Hi Elliot,
Yes - GB18030 is a mapping to EVERY codepoint in Unicode (not just
the assigned ones, but all 1.1 million possible Unicode codepoints).
But it's a multi-byte, variable-length (one to four bytes) set of
codepoints in GB18030.
As Markus Scherer says it is best thought of as a Chinese-market
UTF (Unicode Transformation Format), like UTF-8, UTF-16, and UTF-32.
I agree with you therefore, that PWG CR should view GB18030 as a
valid 'charset' (which can be tagged) but NOT as a unique
'repertoire' (because it's a different encoding of Unicode).
Cheers,
- Ira McDonald
High North Inc
-----Original Message-----
From: ElliottBradshaw@oaktech.com [mailto:ElliottBradshaw@oaktech.com]
Sent: Monday, March 03, 2003 11:32 AM
To: McDonald, Ira
Cc: 'cr@pwg.org'; owner-cr@pwg.org
Subject: Re: CR> FW: GB 18030 Information Required
Interesting.
If I read this correctly, then 18030 is a mapping to ALL of Unicode. This
would make it an encoding, but not a subset.
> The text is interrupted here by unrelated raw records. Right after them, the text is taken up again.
Lemma der_contr_inL F G D : In F G -> der l m (F :: G) D -> der l m G D.
Proof.
  intros HF H. destruct (Permutation_split F G HF) as [G1 HG1].
  apply der_perm with (F :: G1) D; [|symmetry; exact HG1|reflexivity].
  apply der_contrL. apply der_perm with (F :: G) D; [exact H|rewrite HG1; reflexivity|reflexivity].
Qed.
Lemma der_contr_inR F G D : In F D -> der l m G (F :: D) -> der l m G D.
Proof.
  intros HF H. destruct (Permutation_split F D HF) as [D1 HD1].
  apply der_perm with G (F :: D1); [|reflexivity|symmetry; exact HD1].
  apply der_contrR. apply der_perm with G (F :: D); [exact H|reflexivity|rewrite HD1; reflexivity].
Qed.

End Contraction.

(** * Cut *)

Section Cut.
Variables (l : level) (m : modext).

Lemma der_rule_inv Lc Rc NL NR Ps ew en X Y G0 D0 Lp Rp :
  rule l m Lc Rc NL NR Ps ew en -> In (Lp, Rp) Ps ->
  der l m (X ++ Lc ++ G0) (Y ++ Rc ++ D0) -> der l m (X ++ Lp ++ G0) (Y ++ Rp ++ D0).
Proof.
  intros Hr HP H. destruct Lc as [|F Lc']; [destruct Rc as [|F Rc']|].
  - apply der_perm with ((X ++ G0) ++ Lp) ((Y ++ D0) ++ Rp); [apply der_weaken, H|perm|perm].
  - destruct (rule_Rc_shape _ _ _ _ _ _ _ _ _ F Hr (or_introl eq_refl))
      as [E [(_ & -> & _)|(HF & _ & _ & _ & y0 & k0 & -> & _)]]; [destruct HP|injection E as ->].
    apply der_perm with (Lp ++ X ++ G0) (Rp ++ Y ++ D0); [|perm|perm].
    apply (der_invR_perm l m _ _ H F (Y ++ D0) ltac:(perm) HF y0 k0 _ _ HP).
  - destruct (rule_Lc_shape _ _ _ _ _ _ _ _ _ F Hr (or_introl eq_refl))
      as [E [(_ & -> & _)|(HF & -> & _ & _ & y0 & k0 & -> & _)]]; [destruct HP|injection E as ->].
    apply der_perm with (Lp ++ X ++ G0) (Rp ++ Y ++ D0); [|perm|perm].
    apply (der_invL_perm l m _ _ H F (X ++ G0) ltac:(perm) HF y0 k0 _ _ HP).
Qed.

Lemma rule_NR_shape Lc Rc NL NR Ps ew en F :
  rule l m Lc Rc NL NR Ps ew en -> In F NR -> Lc = [] /\ Rc = [].
Proof. intros H HF. destruct H; simpl in HF; try contradiction; auto. Qed.
Lemma rule_NL_shape Lc Rc NL NR Ps ew en F :
  rule l m Lc Rc NL NR Ps ew en -> In F NL -> Lc = [] /\ Rc = [].
Proof. intros H HF. destruct H; simpl in HF; try contradiction; auto. Qed.

Lemma der_strengthenR F :
  (forall Lc Rc NL NR Ps ew en, rule l m Lc Rc NL NR Ps ew en -> ~ In F Rc /\ ~ In F NR) ->
  forall G D, der l m G (F :: D) -> der l m G D.
Proof.
  intros HF G D H. remember (F :: D) as D' eqn:ED'.
  assert (HD' : Permutation D' (F :: D)) by (rewrite ED'; reflexivity). clear ED'.
  revert D HD'.
  induction H as [Lc Rc NL NR Ps ew en G0 D0 G D' Hr HG HD HNL HNR Hf Hp IH].
  intros D HD'. rewrite HD' in HD. destruct (HF _ _ _ _ _ _ _ Hr) as [HRc HNR'].
  destruct (Permutation_cons_app_split F Rc D D0 HD HRc) as (D2 & HD02 & HD2).
  eapply der_rule with (D0 := D2); [exact Hr|exact HG|exact HD2|exact HNL| | |].
  - intros z Hz. pose proof (Permutation_in _ HD02 (HNR z Hz)) as [<-|Hz2]; tauto.
  - eapply eigen_fresh_incl; [|exact Hf]. apply incl_app; [apply incl_appl, incl_refl|].
    intros z Hz. apply in_or_app. right. apply (Permutation_in _ (Permutation_sym HD')). now right.
  - intros Lp Rp HLp. apply (IH Lp Rp HLp). rewrite HD02. perm.
Qed.

(* Cut by induction on the left premiss, for cut formulas that the rules only
   keep in the succedent, apart from initial sequents. *)
Lemma cut_induct_R F :
  (forall Lc Rc NL NR Ps ew en, rule l m Lc Rc NL NR Ps ew en -> In F Rc -> In F Lc) ->
  (forall NL NR Ps ew en G0 D, rule l m [] [] NL NR Ps ew en -> In F NR -> incl NL G0 -> incl NR (F :: D) ->
     (forall Lp Rp, In (Lp, Rp) Ps -> der l m (Lp ++ G0) (Rp ++ D)) ->
     der l m (F :: G0) D -> der l m G0 D) ->
  forall G D, der l m G (F :: D) -> der l m (F :: G) D -> der l m G D.
Proof.
  intros HRc Hside G D H. remember (F :: D) as D' eqn:ED'.
  assert (HD' : Permutation D' (F :: D)) by (rewrite ED'; reflexivity). clear ED'.
  revert D HD'.
  induction H as [Lc Rc NL NR Ps ew en G0 D0 G D' Hr HG HD HNL HNR Hf Hp IH].
  intros D HD' HFG. rewrite HD' in HD.
  destruct (in_dec lform_eq_dec F Rc) as [HFR|HFR].
  { apply (der_contr_inL l m F); [|exact HFG].
    apply (Permutation_in _ (Permutation_sym HG)), in_or_app. left. eauto. }
  destruct (Permutation_cons_app_split F Rc D D0 HD HFR) as (D2 & HD02 & HD2).
  assert (HFG' : der l m (F :: Lc ++ G0) (Rc ++ D2))
    by (apply der_perm with (F :: G) D; [exact HFG|rewrite HG; reflexivity|exact HD2]).
  destruct (in_dec lform_eq_dec F NR) as [HFN|HFN].
  - destruct (rule_NR_shape _ _ _ _ _ _ _ F Hr HFN) as [-> ->]. simpl in HG, HD2, HFG'.
    apply der_perm with G0 D2; [|symmetry; exact HG|symmetry; exact HD2].
    apply (Hside NL NR Ps ew en G0 D2 Hr HFN HNL); [|intros Lp Rp HLp|exact HFG'].
    + intros z Hz. apply (Permutation_in _ HD02), HNR, Hz.
    + apply (IH Lp Rp HLp (Rp ++ D2)); [rewrite HD02; perm|].
      apply der_perm with ((F :: G0) ++ Lp) (D2 ++ Rp); [apply der_weaken, HFG'|perm|perm].
  - eapply der_rule with (D0 := D2); [exact Hr|exact HG|exact HD2|exact HNL| | |].
    + intros z Hz. pose proof (Permutation_in _ HD02 (HNR z Hz)) as [<-|Hz2]; tauto.
    + eapply eigen_fresh_incl; [|exact Hf]. apply incl_app; [apply incl_appl, incl_refl|].
      intros z Hz. apply in_or_app. right. apply (Permutation_in _ (Permutation_sym HD')). now right.
    + intros Lp Rp HLp. apply (IH Lp Rp HLp (Rp ++ D2)); [rewrite HD02; perm|].
      exact (der_rule_inv _ _ _ _ _ _ _ [F] [] G0 D2 _ _ Hr HLp HFG').
Qed.

Lemma cut_induct_L F :
  (forall Lc Rc NL NR Ps ew en, rule l m Lc Rc NL NR Ps ew en -> ~ In F Lc) ->
  (forall NL NR Ps ew en G D0, rule l m [] [] NL NR Ps ew en -> In F NL -> incl NL (F :: G) -> incl NR D0 ->
     (forall Lp Rp, In (Lp, Rp) Ps -> der l m (Lp ++ G) (Rp ++ D0)) ->
     der l m G (F :: D0) -> der l m G D0) ->
  forall G D, der l m (F :: G) D -> der l m G (F :: D) -> der l m G D.
Proof.
  intros HLc Hside G D H. remember (F :: G) as G' eqn:EG'.
  assert (HG' : Permutation G' (F :: G)) by (rewrite EG'; reflexivity). clear EG'.
  revert G HG'.
  induction H as [Lc Rc NL NR Ps ew en G0 D0 G' D Hr HG HD HNL HNR Hf Hp IH].
  intros G HG' HFD. rewrite HG' in HG.
  destruct (Permutation_cons_app_split F Lc G G0 HG (HLc _ _ _ _ _ _ _ Hr)) as (G2 & HG02 & HG2).
  assert (HFD' : der l m (Lc ++ G2) (F :: Rc ++ D0))
    by (apply der_perm with G (F :: D); [exact HFD|exact HG2|rewrite HD; reflexivity]).
  destruct (in_dec lform_eq_dec F NL) as [HFN|HFN].
  - destruct (rule_NL_shape _ _ _ _ _ _ _ F Hr HFN) as [-> ->]. simpl in HD, HG2, HFD'.
    apply der_perm with G2 D0; [|symmetry; exact HG2|symmetry; exact HD].
    apply (Hside NL NR Ps ew en G2 D0 Hr HFN); [|exact HNR|intros Lp Rp HLp|exact HFD'].
    + intros z Hz. apply (Permutation_in _ HG02), HNL, Hz.
    + apply (IH Lp Rp HLp (Lp ++ G2)); [rewrite HG02; perm|].
      apply der_perm with (G2 ++ Lp) ((F :: D0) ++ Rp); [apply der_weaken, HFD'|perm|perm].
  - eapply der_rule with (G0 := G2); [exact Hr|exact HG2|exact HD| |exact HNR| |].
    + intros z Hz. pose proof (Permutation_in _ HG02 (HNL z Hz)) as [<-|Hz2]; tauto.
    + eapply eigen_fresh_incl; [|exact Hf]. apply incl_app; [|apply incl_appr, incl_refl].
      intros z Hz. apply in_or_app. left. apply (Permutation_in _ (Permutation_sym HG')). now right.
    + intros Lp Rp HLp. apply (IH Lp Rp HLp (Lp ++ G2)); [rewrite HG02; perm|].
      exact (der_rule_inv _ _ _ _ _ _ _ [] [F] G2 D0 _ _ Hr HLp HFD').
Qed.

Ltac side_inv := intros H HIn; inversion H; subst; simpl in HIn;
  repeat (let E := fresh "E" in destruct HIn as [E|HIn];
    [try discriminate E; try (match goal with t : atomT |- _ => destruct t; discriminate E end);
     injection E; intros; subst; eexists; split; reflexivity|]);
  contradiction.
Lemma rule_side_Cond NL NR Ps ew en y A B : rule l m [] [] NL NR Ps ew en -> In (LF y (Cond A B)) NL ->
  exists a, NL = [InN a y; LF y (Cond A B)] /\ Ps = [([], [Ex a A]); ([Cnd y a A B], [])].
Proof. side_inv. Qed.
Lemma rule_side_Ex NL NR Ps ew en a A : rule l m [] [] NL NR Ps ew en -> In (Ex a A) NR ->
  exists x, NL = [InW x a] /\ Ps = [([], [LF x A])].
Proof. side_inv. Qed.
Lemma rule_side_All NL NR Ps ew en a A : rule l m [] [] NL NR Ps ew en -> In (All a A) NL ->
  exists x, NL = [InW x a; All a A] /\ Ps = [([LF x A], [])].
Proof. side_inv. Qed.
Lemma rule_side_Cnd NL NR Ps ew en y b A B : rule l m [] [] NL NR Ps ew en -> In (Cnd y b A B) NR ->
  exists c, NL = [InN c y; Sub c b] /\ Ps = [([], [Ex c A]); ([], [All c (Imp A B)])].
Proof. side_inv. Qed.

Definition cut_admissible (F : lform) : Prop :=
  forall G D, der l m G (F :: D) -> der l m (F :: G) D -> der l m G D.

Lemma rule_right_uses Lc Rc NL NR Ps ew en F : rule l m Lc Rc NL NR Ps ew en -> In F (Rc ++ NR) ->
  match F with InN _ _ | InW _ _ | Sub _ _ | LF _ Bot => False | _ => True end.
Proof.
  intros H HF. destruct H; simpl in HF; repeat destruct HF as [<-|HF]; simpl; auto; try contradiction.
  destruct P as [| | |? []| | |]; auto.
Qed.

Lemma cut_unused_right F : match F with InN _ _ | InW _ _ | Sub _ _ | LF _ Bot => True | _ => False end ->
  cut_admissible F.
Proof.
  intros HF G D H _. apply (der_strengthenR F); [|exact H].
  intros Lc Rc NL NR Ps ew en Hr. split; intro HIn;
    [pose proof (rule_right_uses _ _ _ _ _ _ _ F Hr (in_or_app _ _ _ (or_introl HIn))) as HU
    |pose proof (rule_right_uses _ _ _ _ _ _ _ F Hr (in_or_app _ _ _ (or_intror HIn))) as HU];
    destruct F as [| | |? []| | |]; auto.
Qed.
If that's right, then we would treat it as a kind of charset, but not as a
repertoire.
Your thoughts?
E.
------------------------------------------
Elliott Bradshaw
Director, Software Engineering
Oak Technology Imaging Group
781 638-7534
"McDonald, Ira"
<imcdonald@shar To: "'cr@pwg.org'"
<cr@pwg.org>
plabs.com> cc:
Sent by: Subject: CR> FW: GB 18030
Information Required
owner-cr@pwg.or
g
03/03/2003
11:42 AM
Hi folks,
Elliot - the first two white papers (links below) look highly
useful. Markus Scherer is a Unicode and charsets heavy at IBM.
Cheers,
- Ira McDonald
High North Inc
-----Original Message-----
From: Markus Scherer [mailto:markus.scherer@jtcsv.com]
Sent: Monday, March 03, 2003 10:26 AM
To: vinay.aggarwal@rebus.co.in; charsets
Subject: Re: GB 18030 Information Required
vinay.aggarwal@rebus.co.in wrote:
> Could you please let me know if following supports the GB18030?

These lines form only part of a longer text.